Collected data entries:
(* Let $m>0$ and $a_1,a_2\in(-\infty,4m^2)$. For every $b_2\in\mathbb{R}$ there exist $b_0,b_1\in\mathbb{R}$ such that the equation $$\gamma(a_1-\gamma)(a_2-\gamma)J(\gamma)=b_0+b_1\gamma+b_2\gamma^2$$ admits three distinct real solutions $\gamma_0,\gamma_1,\gamma_2\in(-\infty,4m^2)$.
   Context: $\rho(M)=\frac{1}{16\pi^2}\sqrt{1-\frac{4m^2}{M}}\frac1M$ for $M\ge4m^2$, and $J(\gamma)=\int_{4m^2}^\infty\frac{\rho(M)}{M-\gamma}dM$ for $\gamma<4m^2$. *)

From Stdlib Require Import Reals.
From Coquelicot Require Import Coquelicot.
Open Scope R_scope.

Definition rho (m M : R) : R :=
  / (16 * PI ^ 2) * sqrt (1 - 4 * m ^ 2 / M) * / M.

Definition J (m gamma : R) : R :=
  RInt_gen (fun M => rho m M / (M - gamma))
           (at_point (4 * m ^ 2)) (Rbar_locally p_infty).

From Stdlib Require Import Reals Lra.
From Coquelicot Require Import Coquelicot.
Open Scope R_scope.

(* With [c = 4 m^2], the substitution [M = c / (1 - v^2)] gives
   [J(g) = K * \int_0^1 2 v^2 / (c - g (1 - v^2)) dv] with [K = 1 / (16 pi^2)], so
   [H(g) = g (a1 - g) (a2 - g) J(g)] is continuous on [(-oo, c)].  Three points solve the
   equation for some [b0, b1] iff the second divided difference of [H] at them equals [b2].
   On the connected set of ordered triples below [c] this divided difference is continuous and
   unbounded in both directions: it tends to [-oo] along [(-T, 0, c/2)] because [J(-T)] is of
   order [ln T / T], and to [+oo] along triples accumulating at [c] because [J] has infinite
   slope there.  The intermediate value theorem then produces a triple where it equals [b2]. *)

Lemma Rdiv_le_cross (a b d e : R) : 0 < d -> 0 < e -> a * e <= b * d -> a / d <= b / e.
Proof.
  intros Hd He H.
  replace (a / d) with (b / e + (a * e - b * d) * / (d * e)) by (field; lra).
  assert (0 < / (d * e)) by (apply Rinv_0_lt_compat; nra).
  nra.
Qed.
(* For any quantum automaton $\mathcal{A}$ over alphabet $\Sigma$ and any $w\in\Sigma^\omega$, $$f^{\mathrm{ND}}_{\mathcal{A}}(w)=\limsup_{n\to\infty}f^{\mathrm{MO}}_{\mathcal{A}}(w_n).$$
   Context: A quantum automaton is a tuple $\mathcal{A}=(\mathcal{H},|s_0\rangle,\Sigma,\{U_\sigma:\sigma\in\Sigma\},F)$ where $\mathcal{H}$ is a finite-dimensional complex Hilbert space, $|s_0\rangle$ a unit vector, $\Sigma$ a finite alphabet, each $U_\sigma$ unitary, and $F$ a subspace with orthogonal projection $P_F$. For a finite word $x=\sigma_1\cdots\sigma_m$, $U_x=U_{\sigma_m}\cdots U_{\sigma_1}$ and $f^{\mathrm{MO}}_{\mathcal{A}}(x)=\|P_FU_x|s_0\rangle\|^2$. For $w\in\Sigma^\omega$, $w_n$ is its prefix of length $n$, the non-disturbing run is $|s_n\rangle=U_{w_n}|s_0\rangle$, and $f^{\mathrm{ND}}_{\mathcal{A}}(w)=\sup_{|\psi\rangle}\sup_{\{n_i\}}\inf_{i\ge1}|\langle\psi|s_{n_i}\rangle|^2$ over unit $|\psi\rangle\in F$ and strictly increasing sequences $0\le n_1<n_2<\cdots$. *)

From HB Require Import structures.
From mathcomp Require Import all_boot all_order all_algebra.
From mathcomp Require Import all_classical all_reals.
From mathcomp Require Import topology normedtype sequences.
From mathcomp.real_closed Require Import complex.
Set Implicit Arguments. Unset Strict Implicit. Unset Printing Implicit Defensive.
Import Order.TTheory GRing.Theory Num.Theory.
Local Open Scope ring_scope.
Local Open Scope classical_set_scope.

Section QA.
Variable R : realType.
Local Notation C := R[i].

Definition csqnorm (z : C) : R := complex.Re z ^+ 2 + complex.Im z ^+ 2.

Definition adj (m n : nat) (A : 'M[C]_(m, n)) : 'M[C]_(n, m) :=
  map_mx (@conjc R) A^T.

(* inner product <x|y>, antilinear in the first argument *)
Definition cdot (d : nat) (x y : 'cV[C]_d) : C := (adj x *m y) 0 0.

Definition vsqnorm (d : nat) (x : 'cV[C]_d) : R := \sum_(i < d) csqnorm (x i 0).

Definition unitary (d : nat) (U : 'M[C]_d) : Prop := adj U *m U = 1%:M.

Definition orth_proj (d : nat) (P : 'M[C]_d) : Prop := adj P = P /\ P *m P = P.

Record qaut (Sigma : finType) := QAut {
  qa_dim : nat;
  qa_s0 : 'cV[C]_qa_dim;
  qa_U : Sigma -> 'M[C]_qa_dim;
  qa_P : 'M[C]_qa_dim  (* orthogonal projection P_F onto the accepting subspace F *)
}.

Definition qaut_wf (Sigma : finType) (A : qaut Sigma) : Prop :=
  vsqnorm (qa_s0 A) = 1 /\ (forall s, unitary (qa_U A s)) /\ orth_proj (qa_P A).

(* U_x for x = s_1 ... s_m is U_{s_m} ... U_{s_1} *)
Definition Uword (Sigma : finType) (A : qaut Sigma) (x : seq Sigma) : 'M[C]_(qa_dim A) :=
  foldl (fun M s => qa_U A s *m M) 1%:M x.

Definition f_MO (Sigma : finType) (A : qaut Sigma) (x : seq Sigma) : R :=
  vsqnorm (qa_P A *m (Uword A x *m qa_s0 A)).

Definition wprefix (Sigma : Type) (w : nat -> Sigma) (n : nat) : seq Sigma :=
  [seq w i | i <- iota 0 n].

Definition ndrun (Sigma : finType) (A : qaut Sigma) (w : nat -> Sigma) (n : nat)
  : 'cV[C]_(qa_dim A) := Uword A (wprefix w n) *m qa_s0 A.

Definition f_ND (Sigma : finType) (A : qaut Sigma) (w : nat -> Sigma) : R :=
  sup [set r : R | exists (psi : 'cV[C]_(qa_dim A)) (ns : nat -> nat),
        [/\ vsqnorm psi = 1, qa_P A *m psi = psi,
            (forall i, (ns i < ns i.+1)%N) &
            r = inf [set csqnorm (cdot psi (ndrun A w (ns i))) | i in [set: nat]]]].

End QA.

From HB Require Import structures.
From mathcomp Require Import all_boot all_order all_algebra.
From mathcomp Require Import all_classical all_reals.
From mathcomp Require Import topology normedtype sequences.
From mathcomp.real_closed Require Import complex.
From mathcomp Require Import ring lra.
Set Implicit Arguments. Unset Strict Implicit. Unset Printing Implicit Defensive.
Import Order.TTheory GRing.Theory Num.Theory.
Import numFieldNormedType.Exports.
Local Open Scope ring_scope.
Local Open Scope classical_set_scope.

*Work to be completed*
Extract the full set of entries word for word.

*Output below*
(* Let $m>0$ and $a_1,a_2\in(-\infty,4m^2)$. For every $b_2\in\mathbb{R}$ there exist $b_0,b_1\in\mathbb{R}$ such that the equation $$\gamma(a_1-\gamma)(a_2-\gamma)J(\gamma)=b_0+b_1\gamma+b_2\gamma^2$$ admits three distinct real solutions $\gamma_0,\gamma_1,\gamma_2\in(-\infty,4m^2)$.
   Context: $\rho(M)=\frac{1}{16\pi^2}\sqrt{1-\frac{4m^2}{M}}\frac1M$ for $M\ge4m^2$, and $J(\gamma)=\int_{4m^2}^\infty\frac{\rho(M)}{M-\gamma}dM$ for $\gamma<4m^2$. *)

From Stdlib Require Import Reals.
From Coquelicot Require Import Coquelicot.
Open Scope R_scope.

Definition rho (m M : R) : R :=
  / (16 * PI ^ 2) * sqrt (1 - 4 * m ^ 2 / M) * / M.

Definition J (m gamma : R) : R :=
  RInt_gen (fun M => rho m M / (M - gamma))
           (at_point (4 * m ^ 2)) (Rbar_locally p_infty).

From Stdlib Require Import Reals Lra.
From Coquelicot Require Import Coquelicot.
Open Scope R_scope.

(* With [c = 4 m^2], the substitution [M = c / (1 - v^2)] gives
   [J(g) = K * \int_0^1 2 v^2 / (c - g (1 - v^2)) dv] with [K = 1 / (16 pi^2)], so
   [H(g) = g (a1 - g) (a2 - g) J(g)] is continuous on [(-oo, c)].  Three points solve the
   equation for some [b0, b1] iff the second divided difference of [H] at them equals [b2].
   On the connected set of ordered triples below [c] this divided difference is continuous and
   unbounded in both directions: it tends to [-oo] along [(-T, 0, c/2)] because [J(-T)] is of
   order [ln T / T], and to [+oo] along triples accumulating at [c] because [J] has infinite
   slope there.  The intermediate value theorem then produces a triple where it equals [b2]. *)

Lemma Rdiv_le_cross (a b d e : R) : 0 < d -> 0 < e -> a * e <= b * d -> a / d <= b / e.
Proof.
  intros Hd He H.
  replace (a / d) with (b / e + (a * e - b * d) * / (d * e)) by (field; lra).
  assert (0 < / (d * e)) by (apply Rinv_0_lt_compat; nra).
  nra.
Qed.
(* For any quantum automaton $\mathcal{A}$ over alphabet $\Sigma$ and any $w\in\Sigma^\omega$, $$f^{\mathrm{ND}}_{\mathcal{A}}(w)=\limsup_{n\to\infty}f^{\mathrm{MO}}_{\mathcal{A}}(w_n).$$
   Context: A quantum automaton is a tuple $\mathcal{A}=(\mathcal{H},|s_0\rangle,\Sigma,\{U_\sigma:\sigma\in\Sigma\},F)$ where $\mathcal{H}$ is a finite-dimensional complex Hilbert space, $|s_0\rangle$ a unit vector, $\Sigma$ a finite alphabet, each $U_\sigma$ unitary, and $F$ a subspace with orthogonal projection $P_F$. For a finite word $x=\sigma_1\cdots\sigma_m$, $U_x=U_{\sigma_m}\cdots U_{\sigma_1}$ and $f^{\mathrm{MO}}_{\mathcal{A}}(x)=\|P_FU_x|s_0\rangle\|^2$. For $w\in\Sigma^\omega$, $w_n$ is its prefix of length $n$, the non-disturbing run is $|s_n\rangle=U_{w_n}|s_0\rangle$, and $f^{\mathrm{ND}}_{\mathcal{A}}(w)=\sup_{|\psi\rangle}\sup_{\{n_i\}}\inf_{i\ge1}|\langle\psi|s_{n_i}\rangle|^2$ over unit $|\psi\rangle\in F$ and strictly increasing sequences $0\le n_1<n_2<\cdots$. *)

From HB Require Import structures.
From mathcomp Require Import all_boot all_order all_algebra.
From mathcomp Require Import all_classical all_reals.
From mathcomp Require Import topology normedtype sequences.
From mathcomp.real_closed Require Import complex.
Set Implicit Arguments. Unset Strict Implicit. Unset Printing Implicit Defensive.
Import Order.TTheory GRing.Theory Num.Theory.
Local Open Scope ring_scope.
Local Open Scope classical_set_scope.

Section QA.
Variable R : realType.
Local Notation C := R[i].

Definition csqnorm (z : C) : R := complex.Re z ^+ 2 + complex.Im z ^+ 2.

Definition adj (m n : nat) (A : 'M[C]_(m, n)) : 'M[C]_(n, m) :=
  map_mx (@conjc R) A^T.

(* inner product <x|y>, antilinear in the first argument *)
Definition cdot (d : nat) (x y : 'cV[C]_d) : C := (adj x *m y) 0 0.

Definition vsqnorm (d : nat) (x : 'cV[C]_d) : R := \sum_(i < d) csqnorm (x i 0).

Definition unitary (d : nat) (U : 'M[C]_d) : Prop := adj U *m U = 1%:M.

Definition orth_proj (d : nat) (P : 'M[C]_d) : Prop := adj P = P /\ P *m P = P.

Record qaut (Sigma : finType) := QAut {
  qa_dim : nat;
  qa_s0 : 'cV[C]_qa_dim;
  qa_U : Sigma -> 'M[C]_qa_dim;
  qa_P : 'M[C]_qa_dim  (* orthogonal projection P_F onto the accepting subspace F *)
}.

Definition qaut_wf (Sigma : finType) (A : qaut Sigma) : Prop :=
  vsqnorm (qa_s0 A) = 1 /\ (forall s, unitary (qa_U A s)) /\ orth_proj (qa_P A).

(* U_x for x = s_1 ... s_m is U_{s_m} ... U_{s_1} *)
Definition Uword (Sigma : finType) (A : qaut Sigma) (x : seq Sigma) : 'M[C]_(qa_dim A) :=
  foldl (fun M s => qa_U A s *m M) 1%:M x.

Definition f_MO (Sigma : finType) (A : qaut Sigma) (x : seq Sigma) : R :=
  vsqnorm (qa_P A *m (Uword A x *m qa_s0 A)).

Definition wprefix (Sigma : Type) (w : nat -> Sigma) (n : nat) : seq Sigma :=
  [seq w i | i <- iota 0 n].

Definition ndrun (Sigma : finType) (A : qaut Sigma) (w : nat -> Sigma) (n : nat)
  : 'cV[C]_(qa_dim A) := Uword A (wprefix w n) *m qa_s0 A.

Definition f_ND (Sigma : finType) (A : qaut Sigma) (w : nat -> Sigma) : R :=
  sup [set r : R | exists (psi : 'cV[C]_(qa_dim A)) (ns : nat -> nat),
        [/\ vsqnorm psi = 1, qa_P A *m psi = psi,
            (forall i, (ns i < ns i.+1)%N) &
            r = inf [set csqnorm (cdot psi (ndrun A w (ns i))) | i in [set: nat]]]].

End QA.

From HB Require Import structures.
From mathcomp Require Import all_boot all_order all_algebra.
From mathcomp Require Import all_classical all_reals.
From mathcomp Require Import topology normedtype sequences.
From mathcomp.real_closed Require Import complex.
From mathcomp Require Import ring lra.
Set Implicit Arguments. Unset Strict Implicit. Unset Printing Implicit Defensive.
Import Order.TTheory GRing.Theory Num.Theory.
Import numFieldNormedType.Exports.
Local Open Scope ring_scope.
Local Open Scope classical_set_scope.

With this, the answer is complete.